▸ WHAT NEEDS TO BE DONE
Both the line below containing "forall x, nodes M x -> q" and the line containing "rewrite jacobi_in //", along with every line between them, should be repeated exactly; no other line belongs in the answer.

[Stored data]
▬▬▬▬▬▬
Lemma nodes_lbound (F : pt -> R) : exists a, forall x, nodes M x -> a <= F x.
Proof.
exists (\big[Num.min/0]_(y <- node_seq M) F y) => x /(node_seqP M x) Nx.
exact: (ge_bigmin_seq _ x xpredT).
Qed.

Section Barrier.
Hypothesis St_unit : forall v, v \in St -> enorm v = 1.
Hypothesis St_sym : forall v, v \in St -> - v \in St.
Hypothesis St_neq0 : St != [::].
Variables a K : R.
Hypothesis K_ge0 : 0 <= K.
Let q (x : pt) := a + K * sqnorm x.

Lemma quadratic_interp_pair_ge z v : I z -> v \in St ->
  2 * q z + 2 * K * eps ^+ 2 <= interp M q (z + eps *: v) + interp M q (z + eps *: - v).
Proof.
move=> Iz vS; have sq1 : sqnorm v = 1 by rewrite -sqr_enorm St_unit // expr1n.
have := interp_sqnorm_ge a K_ge0 (stencil_mesh Iz vS).
have := interp_sqnorm_ge a K_ge0 (stencil_mesh Iz (St_sym vS)).
rewrite !sqnormD !sqnormZ sqnormN sq1 !dotpZr dotpNr /q; lra.
Qed.

Lemma quadratic_stencil_ge z : I z ->
  2 * q z + K * eps ^+ 2 <= stencil_max q z + stencil_min q z.
Proof.
move=> Iz; have [v0 v0S] : exists v0, v0 \in St.
  by case: St St_neq0 => // v0 ? _; exists v0; rewrite mem_head.
have := quadratic_interp_pair_ge Iz v0S.
have := le_stencil_max q z v0S; have := le_stencil_max q z (St_sym v0S).
have := @mulr_ge0 _ K (eps ^+ 2) K_ge0 (sqr_ge0 eps).
case: (big_seq_attained (q z) St (fun v => interp M q (z + eps *: v)) min_sel).
  by move=> smin_z; have : stencil_min q z = q z := smin_z; lra.
move=> [v vS smin_v]; have : stencil_min q z = interp M q (z + eps *: v) := smin_v.
have := quadratic_interp_pair_ge Iz vS; have := le_stencil_max q z (St_sym vS); lra.
Qed.

Lemma quadratic_subsolution f g : (forall z, I z -> - K <= f z) ->
  (forall x, nodes M x -> ~ I x -> q x <= g x) ->
  forall x, nodes M x -> q x <= jacobi f g q x.
Proof.
move=> f_ge g_ge x Nx; have [Ix|nIx] := pselect (I x); last by rewrite jacobi_out // g_ge.
rewrite jacobi_in // /step; have := quadratic_stencil_ge Ix.
have : 0 <= eps ^+ 2 * (f x + K) by rewrite mulr_ge0 ?sqr_ge0 // -lerBlDr sub0r f_ge.
lra.
Qed.

End Barrier.

Lemma exists_barrier f g (u0 : pt -> R) C :
  (forall v, v \in St -> enorm v = 1) -> (forall v, v \in St -> - v \in St) -> St != [::] ->
  (forall z, I z -> `|f z| <= C) ->
  exists w0, [/\ forall x, nodes M x -> w0 x <= jacobi f g w0 x,
     forall x, nodes M x -> jacobi f g (fun y => - w0 y) x <= - w0 x &
     forall x, nodes M x -> w0 x <= u0 x <= - w0 x].
Proof.
move=> St_unit St_sym St_neq0 f_le; set K := `|C|; have K_ge0 : 0 <= K := normr_ge0 C.
have fK z : I z -> - K <= f z <= K.
  by move=> Iz; rewrite -ler_norml (le_trans (f_le z Iz)) ?ler_norm.
have [a a_le] := nodes_lbound (fun x => - (K * sqnorm x + `|u0 x| + `|g x|)).
have q_le x : nodes M x -> a + K * sqnorm x <= - `|u0 x| - `|g x|.
  by move=> Nx; have := a_le x Nx; lra.
have absB (b : R) : - `|b| <= b <= `|b| by rewrite -ler_norml.
exists (fun x => a + K * sqnorm x); split.
- apply: quadratic_subsolution => // [z /fK /andP[] //|x Nx _].
  by have := q_le x Nx; have := absB (u0 x); have := absB (g x); lra.
- move=> x Nx; rewrite jacobiN lerN2.
  apply: quadratic_subsolution => // [z /fK /andP[_]|y Ny _]; first by rewrite lerN2.
  by have := q_le y Ny; have := absB (u0 y); have := absB (g y); lra.
- by move=> x Nx; have := q_le x Nx; have := absB (u0 x); have := normr_ge0 (g x); lra.
Qed.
▬▬▬▬▬▬
▸ OUTPUT FOR THIS EXERCISE
  forall x, nodes M x -> q x <= jacobi f g q x.
Proof.
move=> f_ge g_ge x Nx; have [Ix|nIx] := pselect (I x); last by rewrite jacobi_out // g_ge.
rewrite jacobi_in // /step; have := quadratic_stencil_ge Ix.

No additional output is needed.